From the entries below, return only the lines starting at the one that contains "row_free (homog_mx (rcons_pt p y))." and ending at the one that contains "move=> ST; have", exactly as they stand.

(GIVEN RECORDS)

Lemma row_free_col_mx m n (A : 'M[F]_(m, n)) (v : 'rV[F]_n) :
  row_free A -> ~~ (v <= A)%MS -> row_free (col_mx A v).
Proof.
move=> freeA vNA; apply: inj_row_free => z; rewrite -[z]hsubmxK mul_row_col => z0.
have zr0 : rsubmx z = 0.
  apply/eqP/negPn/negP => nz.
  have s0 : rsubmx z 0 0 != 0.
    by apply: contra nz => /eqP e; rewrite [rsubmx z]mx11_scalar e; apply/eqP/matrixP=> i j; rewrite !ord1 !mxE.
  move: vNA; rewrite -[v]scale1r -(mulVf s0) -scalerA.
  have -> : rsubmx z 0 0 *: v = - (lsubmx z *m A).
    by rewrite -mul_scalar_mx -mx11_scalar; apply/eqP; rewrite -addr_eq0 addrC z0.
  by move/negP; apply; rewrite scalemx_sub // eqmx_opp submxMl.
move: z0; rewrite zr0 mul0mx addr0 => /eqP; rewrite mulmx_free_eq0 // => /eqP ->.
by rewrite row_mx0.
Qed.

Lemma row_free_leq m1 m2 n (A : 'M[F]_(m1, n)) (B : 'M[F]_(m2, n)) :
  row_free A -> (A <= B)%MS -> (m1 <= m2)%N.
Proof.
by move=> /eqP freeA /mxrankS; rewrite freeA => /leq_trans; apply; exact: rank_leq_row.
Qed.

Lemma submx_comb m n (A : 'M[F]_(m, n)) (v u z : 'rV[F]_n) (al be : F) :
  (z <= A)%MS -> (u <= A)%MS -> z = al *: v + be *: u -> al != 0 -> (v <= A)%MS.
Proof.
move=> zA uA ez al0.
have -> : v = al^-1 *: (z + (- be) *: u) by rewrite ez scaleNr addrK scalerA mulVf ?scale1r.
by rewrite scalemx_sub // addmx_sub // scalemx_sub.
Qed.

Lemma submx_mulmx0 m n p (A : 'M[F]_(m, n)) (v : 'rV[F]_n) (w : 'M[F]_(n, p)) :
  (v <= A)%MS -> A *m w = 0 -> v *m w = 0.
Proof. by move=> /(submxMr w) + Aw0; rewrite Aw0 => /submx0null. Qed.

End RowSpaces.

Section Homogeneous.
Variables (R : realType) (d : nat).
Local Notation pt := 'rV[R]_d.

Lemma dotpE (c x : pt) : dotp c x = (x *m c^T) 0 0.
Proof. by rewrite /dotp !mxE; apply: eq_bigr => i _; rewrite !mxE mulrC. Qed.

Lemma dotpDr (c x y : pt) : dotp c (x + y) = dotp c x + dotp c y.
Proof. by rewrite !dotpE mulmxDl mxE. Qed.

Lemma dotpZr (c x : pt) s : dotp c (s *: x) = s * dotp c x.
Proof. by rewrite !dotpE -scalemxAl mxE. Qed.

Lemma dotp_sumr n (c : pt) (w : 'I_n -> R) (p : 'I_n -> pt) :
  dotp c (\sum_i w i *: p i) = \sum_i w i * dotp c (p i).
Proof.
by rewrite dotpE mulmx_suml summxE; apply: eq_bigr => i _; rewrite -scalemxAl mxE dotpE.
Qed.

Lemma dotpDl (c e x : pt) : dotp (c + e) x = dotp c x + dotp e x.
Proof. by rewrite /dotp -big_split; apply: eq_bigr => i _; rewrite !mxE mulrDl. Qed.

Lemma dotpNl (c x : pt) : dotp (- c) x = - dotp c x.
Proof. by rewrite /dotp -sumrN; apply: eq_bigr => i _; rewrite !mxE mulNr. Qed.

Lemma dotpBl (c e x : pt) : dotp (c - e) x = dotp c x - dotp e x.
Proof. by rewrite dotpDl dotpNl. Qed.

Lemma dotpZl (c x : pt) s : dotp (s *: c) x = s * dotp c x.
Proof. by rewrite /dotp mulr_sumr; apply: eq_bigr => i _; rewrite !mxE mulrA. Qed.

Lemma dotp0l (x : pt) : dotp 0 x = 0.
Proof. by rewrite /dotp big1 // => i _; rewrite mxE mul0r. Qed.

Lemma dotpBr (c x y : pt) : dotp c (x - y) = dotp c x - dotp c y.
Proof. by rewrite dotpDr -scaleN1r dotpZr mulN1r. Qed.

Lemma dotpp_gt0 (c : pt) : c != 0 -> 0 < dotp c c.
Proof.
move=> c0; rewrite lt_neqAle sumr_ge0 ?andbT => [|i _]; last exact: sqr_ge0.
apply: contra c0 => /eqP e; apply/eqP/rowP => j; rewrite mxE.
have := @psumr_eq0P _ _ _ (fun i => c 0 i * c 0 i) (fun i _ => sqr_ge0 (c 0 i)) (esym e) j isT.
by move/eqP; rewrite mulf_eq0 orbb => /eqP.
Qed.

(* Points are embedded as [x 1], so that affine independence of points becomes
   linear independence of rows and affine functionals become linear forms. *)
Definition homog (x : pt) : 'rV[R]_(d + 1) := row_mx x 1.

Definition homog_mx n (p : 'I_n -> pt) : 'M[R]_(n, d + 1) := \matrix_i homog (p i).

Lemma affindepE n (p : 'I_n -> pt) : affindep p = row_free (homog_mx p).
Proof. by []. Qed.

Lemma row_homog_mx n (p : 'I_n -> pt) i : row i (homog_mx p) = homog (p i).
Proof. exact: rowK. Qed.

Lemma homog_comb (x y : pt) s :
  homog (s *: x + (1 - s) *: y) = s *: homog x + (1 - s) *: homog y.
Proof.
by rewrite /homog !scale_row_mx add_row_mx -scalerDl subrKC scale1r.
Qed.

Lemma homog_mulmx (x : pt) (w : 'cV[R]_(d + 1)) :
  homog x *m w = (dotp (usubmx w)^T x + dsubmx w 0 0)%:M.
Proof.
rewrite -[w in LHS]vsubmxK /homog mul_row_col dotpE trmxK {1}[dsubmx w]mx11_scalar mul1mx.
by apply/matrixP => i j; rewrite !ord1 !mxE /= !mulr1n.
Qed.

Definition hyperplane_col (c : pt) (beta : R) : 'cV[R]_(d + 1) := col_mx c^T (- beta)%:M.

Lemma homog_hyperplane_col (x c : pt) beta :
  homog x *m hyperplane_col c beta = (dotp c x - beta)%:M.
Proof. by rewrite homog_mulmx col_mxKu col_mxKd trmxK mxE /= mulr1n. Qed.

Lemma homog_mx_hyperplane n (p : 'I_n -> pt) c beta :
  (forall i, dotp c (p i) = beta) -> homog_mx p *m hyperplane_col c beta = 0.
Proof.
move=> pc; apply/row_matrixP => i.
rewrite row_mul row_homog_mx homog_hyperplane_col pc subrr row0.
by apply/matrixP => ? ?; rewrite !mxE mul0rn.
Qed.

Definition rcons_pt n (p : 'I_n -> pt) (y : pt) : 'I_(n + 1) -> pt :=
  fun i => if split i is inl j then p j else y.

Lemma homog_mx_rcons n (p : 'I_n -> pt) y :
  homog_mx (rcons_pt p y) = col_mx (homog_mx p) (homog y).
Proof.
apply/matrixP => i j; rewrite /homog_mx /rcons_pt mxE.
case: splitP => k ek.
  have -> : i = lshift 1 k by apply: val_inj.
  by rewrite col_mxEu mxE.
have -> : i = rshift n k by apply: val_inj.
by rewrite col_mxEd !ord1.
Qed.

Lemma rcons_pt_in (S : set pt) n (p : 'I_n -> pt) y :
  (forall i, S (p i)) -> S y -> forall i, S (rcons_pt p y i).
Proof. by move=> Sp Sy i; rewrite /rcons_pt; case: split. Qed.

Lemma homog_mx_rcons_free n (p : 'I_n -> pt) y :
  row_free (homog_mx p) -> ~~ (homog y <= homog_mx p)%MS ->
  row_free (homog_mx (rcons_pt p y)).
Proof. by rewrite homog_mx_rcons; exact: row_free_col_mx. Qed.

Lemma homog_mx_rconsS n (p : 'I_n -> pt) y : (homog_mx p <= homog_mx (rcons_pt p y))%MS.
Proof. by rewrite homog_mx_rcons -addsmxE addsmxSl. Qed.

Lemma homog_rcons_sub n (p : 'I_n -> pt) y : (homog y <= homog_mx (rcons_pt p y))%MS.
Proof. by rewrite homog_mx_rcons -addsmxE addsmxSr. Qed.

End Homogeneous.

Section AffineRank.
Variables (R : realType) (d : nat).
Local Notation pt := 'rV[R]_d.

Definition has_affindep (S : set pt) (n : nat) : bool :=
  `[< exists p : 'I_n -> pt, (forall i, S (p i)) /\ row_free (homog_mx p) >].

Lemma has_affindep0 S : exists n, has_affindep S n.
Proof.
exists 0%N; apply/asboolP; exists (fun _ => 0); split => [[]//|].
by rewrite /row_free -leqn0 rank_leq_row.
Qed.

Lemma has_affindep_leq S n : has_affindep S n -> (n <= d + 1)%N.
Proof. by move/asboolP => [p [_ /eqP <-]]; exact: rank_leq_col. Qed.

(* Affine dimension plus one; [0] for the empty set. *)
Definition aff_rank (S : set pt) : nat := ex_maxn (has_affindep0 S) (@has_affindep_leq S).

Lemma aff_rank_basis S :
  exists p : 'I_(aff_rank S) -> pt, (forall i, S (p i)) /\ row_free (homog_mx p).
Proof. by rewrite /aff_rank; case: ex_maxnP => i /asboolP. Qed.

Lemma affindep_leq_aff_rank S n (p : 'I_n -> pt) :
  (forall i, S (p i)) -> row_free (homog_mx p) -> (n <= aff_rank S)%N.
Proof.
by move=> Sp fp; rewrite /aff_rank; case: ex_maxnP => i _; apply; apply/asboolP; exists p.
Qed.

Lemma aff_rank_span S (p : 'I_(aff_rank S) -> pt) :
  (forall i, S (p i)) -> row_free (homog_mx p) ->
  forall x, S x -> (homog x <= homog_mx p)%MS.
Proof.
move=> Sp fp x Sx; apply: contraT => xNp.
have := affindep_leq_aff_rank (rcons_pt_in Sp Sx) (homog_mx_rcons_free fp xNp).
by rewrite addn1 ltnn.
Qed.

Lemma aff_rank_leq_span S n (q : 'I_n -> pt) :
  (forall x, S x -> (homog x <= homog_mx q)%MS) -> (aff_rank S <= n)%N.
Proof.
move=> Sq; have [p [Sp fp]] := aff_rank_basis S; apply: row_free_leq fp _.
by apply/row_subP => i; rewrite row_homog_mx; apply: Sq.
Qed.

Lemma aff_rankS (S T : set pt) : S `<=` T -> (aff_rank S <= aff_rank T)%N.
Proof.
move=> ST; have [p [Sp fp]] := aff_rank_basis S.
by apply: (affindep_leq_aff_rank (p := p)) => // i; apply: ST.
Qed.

(End GIVEN RECORDS)
(GIVEN RECORDS)

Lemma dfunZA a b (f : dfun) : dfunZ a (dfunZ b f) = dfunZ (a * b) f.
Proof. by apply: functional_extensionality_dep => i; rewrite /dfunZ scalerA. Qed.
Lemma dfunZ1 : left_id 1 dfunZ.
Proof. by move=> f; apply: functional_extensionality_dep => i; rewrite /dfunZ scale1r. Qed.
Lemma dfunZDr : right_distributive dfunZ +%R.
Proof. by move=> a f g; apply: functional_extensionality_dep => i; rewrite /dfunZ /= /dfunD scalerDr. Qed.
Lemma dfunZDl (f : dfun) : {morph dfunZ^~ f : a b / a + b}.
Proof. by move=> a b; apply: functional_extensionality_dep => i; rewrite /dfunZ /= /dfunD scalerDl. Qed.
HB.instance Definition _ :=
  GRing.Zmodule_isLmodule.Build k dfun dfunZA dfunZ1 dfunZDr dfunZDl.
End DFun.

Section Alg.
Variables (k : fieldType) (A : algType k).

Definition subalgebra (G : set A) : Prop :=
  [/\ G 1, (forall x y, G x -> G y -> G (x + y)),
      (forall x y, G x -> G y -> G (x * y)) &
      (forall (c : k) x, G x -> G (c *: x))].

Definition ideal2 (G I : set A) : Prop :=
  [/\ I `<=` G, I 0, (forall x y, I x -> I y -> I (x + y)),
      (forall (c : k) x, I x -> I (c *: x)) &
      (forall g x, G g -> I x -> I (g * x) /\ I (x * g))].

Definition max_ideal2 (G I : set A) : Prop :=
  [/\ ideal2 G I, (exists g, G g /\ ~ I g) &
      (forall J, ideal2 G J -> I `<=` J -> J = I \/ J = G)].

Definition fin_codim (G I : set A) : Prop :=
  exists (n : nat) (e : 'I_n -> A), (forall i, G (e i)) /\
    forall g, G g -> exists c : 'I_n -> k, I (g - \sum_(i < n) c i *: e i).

(End GIVEN RECORDS)

RESPONSE BELOW:
  row_free (homog_mx (rcons_pt p y)).
Proof. by rewrite homog_mx_rcons; exact: row_free_col_mx. Qed.

Lemma homog_mx_rconsS n (p : 'I_n -> pt) y : (homog_mx p <= homog_mx (rcons_pt p y))%MS.
Proof. by rewrite homog_mx_rcons -addsmxE addsmxSl. Qed.

Lemma homog_rcons_sub n (p : 'I_n -> pt) y : (homog y <= homog_mx (rcons_pt p y))%MS.
Proof. by rewrite homog_mx_rcons -addsmxE addsmxSr. Qed.

End Homogeneous.

Section AffineRank.
Variables (R : realType) (d : nat).
Local Notation pt := 'rV[R]_d.

Definition has_affindep (S : set pt) (n : nat) : bool :=
  `[< exists p : 'I_n -> pt, (forall i, S (p i)) /\ row_free (homog_mx p) >].

Lemma has_affindep0 S : exists n, has_affindep S n.
Proof.
exists 0%N; apply/asboolP; exists (fun _ => 0); split => [[]//|].
by rewrite /row_free -leqn0 rank_leq_row.
Qed.

Lemma has_affindep_leq S n : has_affindep S n -> (n <= d + 1)%N.
Proof. by move/asboolP => [p [_ /eqP <-]]; exact: rank_leq_col. Qed.

(* Affine dimension plus one; [0] for the empty set. *)
Definition aff_rank (S : set pt) : nat := ex_maxn (has_affindep0 S) (@has_affindep_leq S).

Lemma aff_rank_basis S :
  exists p : 'I_(aff_rank S) -> pt, (forall i, S (p i)) /\ row_free (homog_mx p).
Proof. by rewrite /aff_rank; case: ex_maxnP => i /asboolP. Qed.

Lemma affindep_leq_aff_rank S n (p : 'I_n -> pt) :
  (forall i, S (p i)) -> row_free (homog_mx p) -> (n <= aff_rank S)%N.
Proof.
by move=> Sp fp; rewrite /aff_rank; case: ex_maxnP => i _; apply; apply/asboolP; exists p.
Qed.

Lemma aff_rank_span S (p : 'I_(aff_rank S) -> pt) :
  (forall i, S (p i)) -> row_free (homog_mx p) ->
  forall x, S x -> (homog x <= homog_mx p)%MS.
Proof.
move=> Sp fp x Sx; apply: contraT => xNp.
have := affindep_leq_aff_rank (rcons_pt_in Sp Sx) (homog_mx_rcons_free fp xNp).
by rewrite addn1 ltnn.
Qed.

Lemma aff_rank_leq_span S n (q : 'I_n -> pt) :
  (forall x, S x -> (homog x <= homog_mx q)%MS) -> (aff_rank S <= n)%N.
Proof.
move=> Sq; have [p [Sp fp]] := aff_rank_basis S; apply: row_free_leq fp _.
by apply/row_subP => i; rewrite row_homog_mx; apply: Sq.
Qed.

Lemma aff_rankS (S T : set pt) : S `<=` T -> (aff_rank S <= aff_rank T)%N.
Proof.
move=> ST; have [p [Sp fp]] := aff_rank_basis S.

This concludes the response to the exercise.